Find every line of the listing below where "orbT" appears, and copy it.

--------

Lemma phi_lamp_shift k c y : 0 <= y < 1 ->
  phi (lamp k c) 0 (phi conf1 k y) = phi conf1 k (phi (lamp 0 c) 0 y).
Proof.
move=> y_in; rewrite -(phiM 0 k (finsupp_lamp k c) finsupp_conf1 y_in).
rewrite -(phiM k 0 finsupp_conf1 (finsupp_lamp 0 c) y_in) Z.add_0_r Z.add_0_l.
apply: phi_ext => i; rewrite /wr_mul_fun /conf1 /lamp mulg1 mul1g.
by case: eqP; case: eqP => // *; exfalso; lia.
Qed.

Definition displacement_set (T : seq R) : Prop :=
  [/\ forall c x, 0 <= x < 1 -> phi (lamp 0 c) 0 x - x \in T,
      forall x, 0 <= x < 1 -> phi conf1 1 x - x \in T &
      forall x, 0 <= x < 1 -> phi conf1 (-1) x - x \in T].

Lemma exists_displacement_set : exists T, displacement_set T.
Proof.
have [Tlamp Tlamp_spec] :=
  fin_all_exists (fun c : gT => IET_displacements (phi_IET 0 (finsupp_lamp 0 c))).
have [T1 T1_spec] := IET_displacements (phi_IET 1 finsupp_conf1).
have [T2 T2_spec] := IET_displacements (phi_IET (-1) finsupp_conf1).
exists (flatten (map Tlamp (enum gT)) ++ T1 ++ T2).
split=> [c x x_in | x x_in | x x_in]; rewrite !mem_cat.
- by apply/orP; left; apply/flatten_mapP; exists c; rewrite ?mem_enum ?Tlamp_spec.
- by rewrite T1_spec ?orbT.
- by rewrite T2_spec ?orbT.
Qed.

(* With rho = id the completion w of c is supported in [k, +oo), with
   rho = Z.opp in (-oo, k]. *)
Definition fixable (x : R) (rho : Z -> Z) (c : gT) (k : Z) : Prop :=
  exists w, [/\ finsupp w, forall i, (rho i < rho k)%Z -> w i = 1%g, w k = c & phi w 0 x = x].
(* Let $H$ be a finite simple graph with vertex set $V$. Then $H$ can be obtained from the complete graph on $V$ through a (finite, possibly empty) sequence of erasures if and only if $H$ is a connected chordal graph.
   Context: All graphs are finite, undirected, simple. A graph is chordal if every induced cycle has length three. A facet edge of $G$ is an edge $xy$ such that $\{x,y\}$ is a maximal clique of $G$. An edge of $G$ is exposed if it is contained in a unique maximal clique of $G$ and it is not a facet edge. For graphs $G,H$ on the same vertex set $V$, $H$ is obtained from $G$ through an erasure if $G$ contains an exposed edge $e$ with $H=G-e$ (delete the edge, keep all vertices). *)

From mathcomp Require Import all_boot.
Set Implicit Arguments. Unset Strict Implicit. Unset Printing Implicit Defensive.

Section Graphs.
Variable V : finType.

Definition simple_graph (g : rel V) : Prop :=
  symmetric g /\ irreflexive g.

Definition complete_graph : rel V := fun x y => x != y.

Definition connected_graph (g : rel V) : Prop :=
  forall x y : V, connect g x y.

(* s = [:: v_0; ...; v_{k-1}] is an induced cycle of length k >= 3:
   distinct vertices, and v_i v_j is an edge iff i, j are cyclically
   consecutive (indices mod k) *)
Definition induced_cycle (g : rel V) (s : seq V) : Prop :=
  [/\ uniq s, 3 <= size s &
      forall i j : 'I_(size s),
        g (tnth (in_tuple s) i) (tnth (in_tuple s) j) =
        (j == i.+1 %% size s :> nat) || (i == j.+1 %% size s :> nat)].

Definition chordal (g : rel V) : Prop :=
  forall s : seq V, induced_cycle g s -> size s = 3.

Definition clique (g : rel V) (S : {set V}) : Prop :=
  forall x y, x \in S -> y \in S -> x != y -> g x y.

Definition maximal_clique (g : rel V) (S : {set V}) : Prop :=
  clique g S /\ forall T : {set V}, clique g T -> S \subset T -> T = S.

Definition facet_edge (g : rel V) (x y : V) : Prop :=
  g x y /\ maximal_clique g [set x; y].

Definition exposed_edge (g : rel V) (x y : V) : Prop :=
  [/\ g x y,
      exists! S : {set V}, maximal_clique g S /\ x \in S /\ y \in S
    & ~ facet_edge g x y].

Definition erasure (g h : rel V) : Prop :=
  exists x y, exposed_edge g x y /\
    forall u v, h u v = g u v && ([set u; v] != [set x; y]).

Inductive erasure_seq : rel V -> rel V -> Prop :=
| erasure_seq_refl (g h : rel V) : g =2 h -> erasure_seq g h
| erasure_seq_step (g g' h : rel V) :
    erasure g g' -> erasure_seq g' h -> erasure_seq g h.
End Graphs.

From mathcomp Require Import all_boot zify.
From Stdlib Require Import FunctionalExtensionality.
Set Implicit Arguments. Unset Strict Implicit. Unset Printing Implicit Defensive.
(* Expanding mu' = (mu + delta_1) / 2 binomially gives
   mu'^{*k} = sum_j 2^-k C(k, j) mu^{*j}, so the difference of the two averages
   is sum_j a_j mu^{*j}, where a_j is the averaged binomial weight minus the
   uniform weight 1/N on {1, ..., N}.  Every mu^{*j} is a probability, hence the
   total variation is at most sum_j |a_j|.  The a_j sum to zero, are nonnegative
   outside {1, ..., N}, and by the hockey-stick identity a_j = - F(j) / N on
   {1, ..., N}, with F the distribution function of Bin(2N + 1, 1/2).  Thus
   sum_j |a_j| <= 2/N sum_{j <= N} F(j), and summing by parts the last sum is
   at most (2N + 1) C(2N, N) / 4^(N+1) + 1/2, where C(2N, N) / 4^N <= 1 / sqrt N.
   The result is the bound 5 / (2 sqrt N), and log N >= log 2 >= 1/2 turns it
   into the claimed one. *)

Lemma sum_bin_ord k m : (k < m)%N -> (\sum_(j < m) 'C(k, j) = 2 ^ k)%N.
Proof.
move=> km; rewrite -[2%N]/(1 + 1)%N expnDn.
rewrite (big_ord_widen m (fun i => 'C(k, i) * (1 ^ (k - i) * 1 ^ i))%N km) [RHS]big_mkcond.
apply: eq_bigr => i _; rewrite !exp1n !muln1.
by case: ltnP => // ki; rewrite bin_small.
Qed.

Lemma sum_bin_le n m : (\sum_(i < m) 'C(n, i) <= 2 ^ n)%N.
Proof.
have le_m : (m <= maxn m n.+1)%N := leq_maxl _ _.
rewrite (big_ord_widen _ _ le_m) -(@sum_bin_ord n (maxn m n.+1)) ?leq_maxr //.
by rewrite big_mkcond; apply: leq_sum => i _; case: ifP.
Qed.

Lemma central_binS N : (N.+1 * 'C(N.+1.*2, N.+1) = 2 * N.*2.+1 * 'C(N.*2, N))%N.
Proof.
have up := mul_bin_diag N.+1.*2 N; rewrite doubleS /= in up.
have down : (N.*2.+1 * 'C(N.*2, N) = N.+1 * 'C(N.*2.+1, N))%N.
  by rewrite (mul_bin_down N.*2.+1 N); congr (_ * _)%N; lia.
by rewrite doubleS -up -mulnA down mulnA; congr (_ * _)%N; lia.
Qed.

Lemma central_bin_sqr_le N : ('C(N.*2, N) ^ 2 * N.+1 <= 16 ^ N)%N.
Proof.
elim: N => [//|N IH]; set c := 'C(N.*2, N).
rewrite -(@leq_pmul2l (N.+1 ^ 2)) ?expn_gt0 //.
have -> : (N.+1 ^ 2 * ('C(N.+1.*2, N.+1) ^ 2 * N.+2) = 4 * N.*2.+1 ^ 2 * N.+2 * c ^ 2)%N.
  by rewrite mulnA -expnMn central_binS; ring.
have cubic : (4 * N.*2.+1 ^ 2 * N.+2 <= 16 * N.+1 ^ 2 * N.+1)%N by rewrite -mul2n; nia.
apply: leq_trans (leq_mul cubic (leqnn (c ^ 2))) _.
rewrite [leqLHS](_ : _ = 16 * N.+1 ^ 2 * (c ^ 2 * N.+1))%N; last by ring.
apply: leq_trans (leq_mul (leqnn _) IH) _.
by rewrite [(16 ^ N.+1)%N]expnS; apply: eq_leq; ring.
Qed.

Section binomial_weights.
Variable R : realFieldType.

Definition binom_half (k j : nat) : R := 'C(k, j)%:R / 2 ^+ k.

Definition binom_cdf (n j : nat) : R := \sum_(i < j.+1) binom_half n i.

Lemma pow2_neq0 k : (2 : R) ^+ k != 0.
Proof. by rewrite expf_neq0 // pnatr_eq0. Qed.

Lemma binom_half_ge0 k j : 0 <= binom_half k j.
Proof. by rewrite divr_ge0 // exprn_ge0. Qed.

Lemma binom_half_small k j : (k < j)%N -> binom_half k j = 0.
Proof. by move=> kj; rewrite /binom_half bin_small // mul0r. Qed.

Lemma binom_half0S k : binom_half k.+1 0 = 2^-1 * binom_half k 0.
Proof. by rewrite /binom_half !bin0 exprS invfM mulrCA mul1r. Qed.

Lemma binom_halfSS k j :
  binom_half k.+1 j.+1 = 2^-1 * (binom_half k j + binom_half k j.+1).
Proof. by rewrite /binom_half binS natrD exprS; field; rewrite pow2_neq0. Qed.

Lemma sum_binom_half k m : (k < m)%N -> \sum_(j < m) binom_half k j = 1.
Proof.
move=> km; rewrite -mulr_suml -natr_sum sum_bin_ord // natrX.
by rewrite mulfV // pow2_neq0.
Qed.

Lemma binom_cdf_ge n j : (n <= j)%N -> binom_cdf n j = 1.
Proof. by move=> nj; rewrite /binom_cdf sum_binom_half. Qed.

Lemma binom_cdf_ge0 n j : 0 <= binom_cdf n j.
Proof. by apply: sumr_ge0 => i _; exact: binom_half_ge0. Qed.

Lemma sum_binom_half_widen k m (x : nat -> R) : (k < m)%N ->
  \sum_(j < k.+1) binom_half k j * x j = \sum_(j < m) binom_half k j * x j.
Proof.
move=> km; rewrite (big_ord_widen m (fun j => binom_half k j * x j) km) big_mkcond.
apply: eq_bigr => j _; case: ltnP => // kj.
by rewrite binom_half_small // mul0r.
Qed.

--------

Solution:
- by rewrite T1_spec ?orbT.
- by rewrite T2_spec ?orbT.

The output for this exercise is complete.